### 1. Python: Download a timeseries of daily deaths per country
[Refer to repo](https://github.com/keatmin/covid19-deaths) and the script is in `src/download_csv.py`, if cloned repo make sure 
`download_data.sh` is executable by running `sudo chmod 755 download_data.sh` in terminal. Then `./download_csv.sh` in terminal


```python 

import requests
URL = 'https://raw.githubusercontent.com/CSSEGISandData/COVID-19/master/csse_covid_19_data/csse_covid_19_time_series/time_series_covid19_deaths_global.csv'


def main(): 
    r = requests.get(URL)

    if r.status_code == 200:
        with open('data/covid19_deaths.csv', 'wb') as csv: 
            csv.write(r.content)
        
    else:
        print('Link invalid')
        
        
if __name__=='__main__': 
    main()
```

or run this in terminal `wget https://raw.githubusercontent.com/CSSEGISandData/COVID-19/master/csse_covid_19_data/csse_covid_19_time_series/time_series_covid19_deaths_global.csv`

In [10]:
import pandas as pd 
import psycopg2 as pg
from psycopg2.extras import execute_values 

In [2]:
#Read csv
df = pd.read_csv('../data/covid19_deaths.csv')
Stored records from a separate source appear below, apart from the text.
Lemma amgm_bound (R : realFieldType) (k c y Q beta : R) :
  0 < k -> 0 <= c -> 0 <= y -> 0 <= Q -> y ^+ 2 <= beta ^+ 2 * Q ->
  y * c / 2 <= c ^+ 2 * beta ^+ 2 / (2 * k) + k * Q / 8.
Proof.
move=> k0 c0 y0 Q0; case: (eqVneq beta 0) => [->|b0] yQ.
  have -> : y = 0 by move: yQ; rewrite !expr2 !mul0r; nra.
  have := divr_ge0 (mulr_ge0 (ltW k0) Q0) (ler0n R 8); lra.
have b2 : 0 < beta ^+ 2 by rewrite exprn_even_gt0.
have key : 4 * k * c * y * beta ^+ 2 <= beta ^+ 2 * (4 * c ^+ 2 * beta ^+ 2 + k ^+ 2 * Q).
  have := sqr_ge0 (2 * c * beta ^+ 2 - k * y); nra.
rewrite -subr_ge0.
have -> : c ^+ 2 * beta ^+ 2 / (2 * k) + k * Q / 8 - y * c / 2 =
  (4 * c ^+ 2 * beta ^+ 2 + k ^+ 2 * Q - 4 * k * c * y) / (8 * k) by field; rewrite gt_eqF.
apply: divr_ge0; last by rewrite mulr_ge0 // ltW.
rewrite subr_ge0 -(ler_pM2l b2) -mulrA; move: key; rewrite !mulrA; nra.
Qed.

Lemma ge0_of_quadratic_ge0 (R : realFieldType) (G c : R) : 0 <= c ->
  (forall s, 0 < s -> s <= 1 -> 0 <= s * G + s ^+ 2 * c) -> 0 <= G.
Proof.
move=> c0 quad_ge0; rewrite leNgt; apply/negP => G0.
have den : 0 < - G + c by rewrite ltr_wpDr // oppr_gt0.
pose s := - G / (- G + c).
have s0 : 0 < s by rewrite divr_gt0 // oppr_gt0.
have s1 : s <= 1 by rewrite ler_pdivrMr // mul1r lerDl.
have sE : s * (- G + c) = - G by rewrite divfK // gt_eqF.
have := quad_ge0 s s0 s1.
rewrite expr2 -mulrA -mulrDr pmulr_rge0 //; nra.
Qed.

Lemma sqr_2sqrt2 (R : realType) (b : R) : (2 * Num.sqrt 2 * b) ^+ 2 = 8 * b ^+ 2.
Proof. rewrite !exprMn sqr_sqrtr //; lra. Qed.

Section Prox.
Variables (R : realType) (d : nat).
Implicit Types (g p q u v w x z : 'rV[R]_d) (a b : R).
Lemma dotv_Q_self (pi : policy R S n) s : in_Pi pi ->
  dotv (Q P Rc gamma pi s) (pi s) = V P Rc gamma pi s.
Proof. by move=> pi_Pi; rewrite dotv_Q bellman. Qed.

Lemma performance_difference (pi pi' : policy R S n) :
  in_Pi pi -> in_Pi pi' -> forall s,
  \sum_s' occ pi' s s' *
     (dotv (Q P Rc gamma pi s') (pi' s') - dotv (Q P Rc gamma pi s') (pi s'))
  = V P Rc gamma pi' s - V P Rc gamma pi s.
Proof.
move=> pi_Pi pi'_Pi s; set Vpi := V P Rc gamma pi.
have lookahead : \sum_s' occ pi' s s' * (gamma * \sum_u Ppi P pi' s' u * Vpi u)
    = \sum_u (occ pi' s u - (s == u)%:R) * Vpi u.
  rewrite (eq_bigr (fun s' => \sum_u gamma * (occ pi' s s' * Ppi P pi' s' u) * Vpi u));
    last by move=> s' _; rewrite !mulr_sumr; apply: eq_bigr => u _; ring.
  rewrite exchange_big /=; apply: eq_bigr => u _.
  by rewrite -mulr_suml -mulr_sumr (occ_eqr _ pi'_Pi s u) addrC addKr.
transitivity (\sum_s' occ pi' s s' * rpi Rc pi' s' +
    \sum_s' occ pi' s s' * (gamma * \sum_u Ppi P pi' s' u * Vpi u) -
    \sum_s' occ pi' s s' * Vpi s').
  rewrite -big_split -sumrB /=; apply: eq_bigr => s' _.
  by rewrite dotv_Q_self // dotv_Q -/Vpi; ring.
rewrite -V_occ // lookahead; under eq_bigr do rewrite mulrBl.
by rewrite sumrB sum_delta_mull; ring.
Qed.

Section InitialDistribution.
Context {rho : S -> R}.
Hypothesis rho_distr : is_distr rho.

Lemma performance_difference_rho (pi pi' : policy R S n) :
  in_Pi pi -> in_Pi pi' ->
  \sum_s' dvis_rho P gamma rho pi' s' *
     (dotv (Q P Rc gamma pi s') (pi' s') - dotv (Q P Rc gamma pi s') (pi s'))
  = (1 - gamma) * (Vrho P Rc gamma rho pi' - Vrho P Rc gamma rho pi).
Proof.
move=> pi_Pi pi'_Pi; rewrite /Vrho -sumrB mulr_sumr.
under [RHS]eq_bigr do rewrite -mulrBr -(performance_difference _ _ pi_Pi pi'_Pi) !mulr_sumr.
rewrite exchange_big /=; apply: eq_bigr => s' _.
rewrite /dvis_rho mulr_suml; apply: eq_bigr => s _.
by rewrite dvis_occ; ring.
Qed.

Lemma dvis_rho_ge (pi : policy R S n) s' : in_Pi pi ->
  (1 - gamma) * rho s' <= dvis_rho P gamma rho pi s'.
Proof.
move=> pi_Pi; rewrite /dvis_rho (bigD1 s') //= ler_wpDr //.
  by apply: sumr_ge0 => s _; rewrite dvis_occ !mulr_ge0 ?rho_distr.1 ?occ_ge0 ?ltW.
rewrite dvis_occ mulrCA ler_pM2l // -[X in X <= _]mulr1 ler_wpM2l ?rho_distr.1 //.
by have := occ_ge_delta _ pi_Pi s' s'; rewrite eqxx.
Qed.

Lemma dvis_rho_ge0 (pi : policy R S n) s' : in_Pi pi -> 0 <= dvis_rho P gamma rho pi s'.
Proof.
move=> pi_Pi; apply: le_trans (dvis_rho_ge _ s' pi_Pi).
by rewrite mulr_ge0 ?rho_distr.1 ?ltW.
Qed.

Lemma dvis_rho_sum (pi : policy R S n) : in_Pi pi ->
  \sum_s' dvis_rho P gamma rho pi s' = 1.
Proof.
move=> pi_Pi; rewrite /dvis_rho exchange_big /= -[RHS]rho_distr.2.
apply: eq_bigr => s _; under eq_bigr do rewrite dvis_occ.
by rewrite -mulr_sumr -mulr_sumr occ_sum // mulfV ?lt0r_neq0 // mulr1.
Qed.

Lemma Vstar_optimal (pistar : policy R S n) : in_Pi pistar ->
  (forall pi s, in_Pi pi -> V P Rc gamma pistar s <= V P Rc gamma pi s) ->
  Vstar P Rc gamma rho = Vrho P Rc gamma rho pistar.
Proof.
move=> pistar_Pi pistar_opt.
have lb : forall pi, in_Pi pi -> Vrho P Rc gamma rho pistar <= Vrho P Rc gamma rho pi.
  by move=> pi pi_Pi; apply: ler_sum => s _; rewrite ler_wpM2l ?rho_distr.1 ?pistar_opt.
apply/eqP; rewrite eq_le; apply/andP; split.
  have /ge_inf : has_lbound [set Vrho P Rc gamma rho pi | pi in @in_Pi R S n].
    by exists (Vrho P Rc gamma rho pistar) => _ [pi + <-]; exact: lb.
  by apply; exists pistar.
apply: lb_le_inf => [|_ [pi + <-]]; last exact: lb.
by exists (Vrho P Rc gamma rho pistar), pistar.
Qed.

End InitialDistribution.
End Markov.

Section DifferenceQuotients.
Context {R : realType} {n : nat}.
Implicit Types (g : 'rV[R]_n -> R) (x v : 'rV[R]_n) (c : R).

Lemma harmonic_le1 m : harmonic m <= 1 :> R.
Proof. by rewrite /= invf_le1 // ?ler1n // ltr0n. Qed.

Lemma cvg_diff_quotient {g x} v : differentiable g x ->
  (harmonic m)^-1 * (g (harmonic m *: v + x) - g x) @[m --> \oo] --> 'd g x v.
Proof.
move=> dg; rewrite -deriveE //.
apply: ((cvgr_dnbhsP _ 0 _).1 (@diff_derivable _ _ _ g x v dg) harmonic).
by split; [move=> m; rewrite gt_eqF ?harmonic_gt0 | exact: cvg_harmonic].
Qed.

Lemma diff_le_of_quotient_le {g x v c} : differentiable g x ->
  (forall t, 0 < t <= 1 -> g (t *: v + x) - g x <= t * c) -> 'd g x v <= c.
Proof.
move=> dg le_c; rewrite -(cvg_lim _ (cvg_diff_quotient v dg)) //.
apply: limr_le; first exact: cvgP (cvg_diff_quotient v dg).
apply: nearW => m; rewrite mulrC ler_pdivrMr ?harmonic_gt0 // mulrC.
by apply: le_c; rewrite harmonic_gt0 harmonic_le1.
Qed.

Lemma diff_ge_of_quotient_ge {g x v c} : differentiable g x ->
  (forall t, 0 < t <= 1 -> t * c <= g (t *: v + x) - g x) -> c <= 'd g x v.
Proof.
move=> dg ge_c; rewrite -(cvg_lim _ (cvg_diff_quotient v dg)) //.
apply: limr_ge; first exact: cvgP (cvg_diff_quotient v dg).
apply: nearW => m; rewrite mulrC ler_pdivlMr ?harmonic_gt0 // mulrC.
by apply: ge_c; rewrite harmonic_gt0 harmonic_le1.
Qed.

End DifferenceQuotients.

Section Legendre.
Context {R : realType} {n : nat} {h : 'rV[R]_n -> \bar R}.
Hypothesis h_legendre : legendre h.
Local Notation f := (fine \o h).

Lemma domh_fineK {x} : domh h x -> h x = (f x)%:E.
Proof.
case: h_legendre => [[h_neq_ninfty _] _ _ _ _] hx.
by rewrite fineK // fin_numE h_neq_ninfty (lt_eqF hx).
Qed.

Lemma convex_segment {x y t} : 0 < t <= 1 -> domh h x -> domh h y ->
  domh h (t *: (x - y) + y) /\ f (t *: (x - y) + y) <= t * f x + (1 - t) * f y.
Proof.
move=> /andP[t_gt0 t_le1] hx hy.
have [->|t_neq1] := eqVneq t 1.
  by rewrite scale1r subrK subrr mul0r mul1r addr0.
have t_lt1 : t < 1 by rewrite lt_neqAle t_neq1.
have -> : t *: (x - y) + y = t *: x + (1 - t) *: y.
  by rewrite scalerBr scalerBl scale1r addrA addrAC.
case: h_legendre => [_ h_convex _ _ _].
have := h_convex x y t; rewrite t_gt0 t_lt1 => /(_ isT).
rewrite (domh_fineK hx) (domh_fineK hy) -!EFinM -EFinD => hz.
have hz_dom : domh h (t *: x + (1 - t) *: y) by apply: le_lt_trans hz (ltry _).
by split=> //; rewrite -lee_fin -domh_fineK.
Qed.

Lemma differentiable_interior {x} : interior (domh h) x -> differentiable f x.
Proof. by case: h_legendre => [_ _ _ [_ h_diff _] _]; exact: h_diff. Qed.

Lemma diff_le_sub {q p} : interior (domh h) q -> domh h p ->
  'd f q (p - q) <= f p - f q.
Proof.
move=> q_int p_dom; apply: diff_le_of_quotient_le (differentiable_interior q_int) _.
move=> t t01; have [_] := convex_segment t01 p_dom (nbhs_singleton q_int).
rewrite /=; lra.
Qed.

Lemma bregman_ge0 {p q} : interior (domh h) q -> domh h p -> 0 <= bregman h p q.
Proof. by move=> q_int p_dom; have := diff_le_sub q_int p_dom; rewrite /bregman /=; lra. Qed.

Lemma bregmanxx q : bregman h q q = 0.
Proof. by rewrite /bregman !subrr linear0 subrr. Qed.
Location of the csv is relative to the notebook. 
For a data science project repo, I organize the directories into:
- **data** for data, but also further divided into `00_raw`, `01_inter` and `02_processed`
- **notebooks** for jupyter exploration 
- **src** for script, further divided into `data`, `etl`, `train`, `deploy`

### 2. Python: Convert the table so that each country and each day is a separate row 

In [3]:
df.columns = df.columns.str.lower()
date_cols = list(df.columns[4:])
#drop lat,long for now since we are not using it for this case 
df_long = df.drop(columns=['lat','long'],axis=1)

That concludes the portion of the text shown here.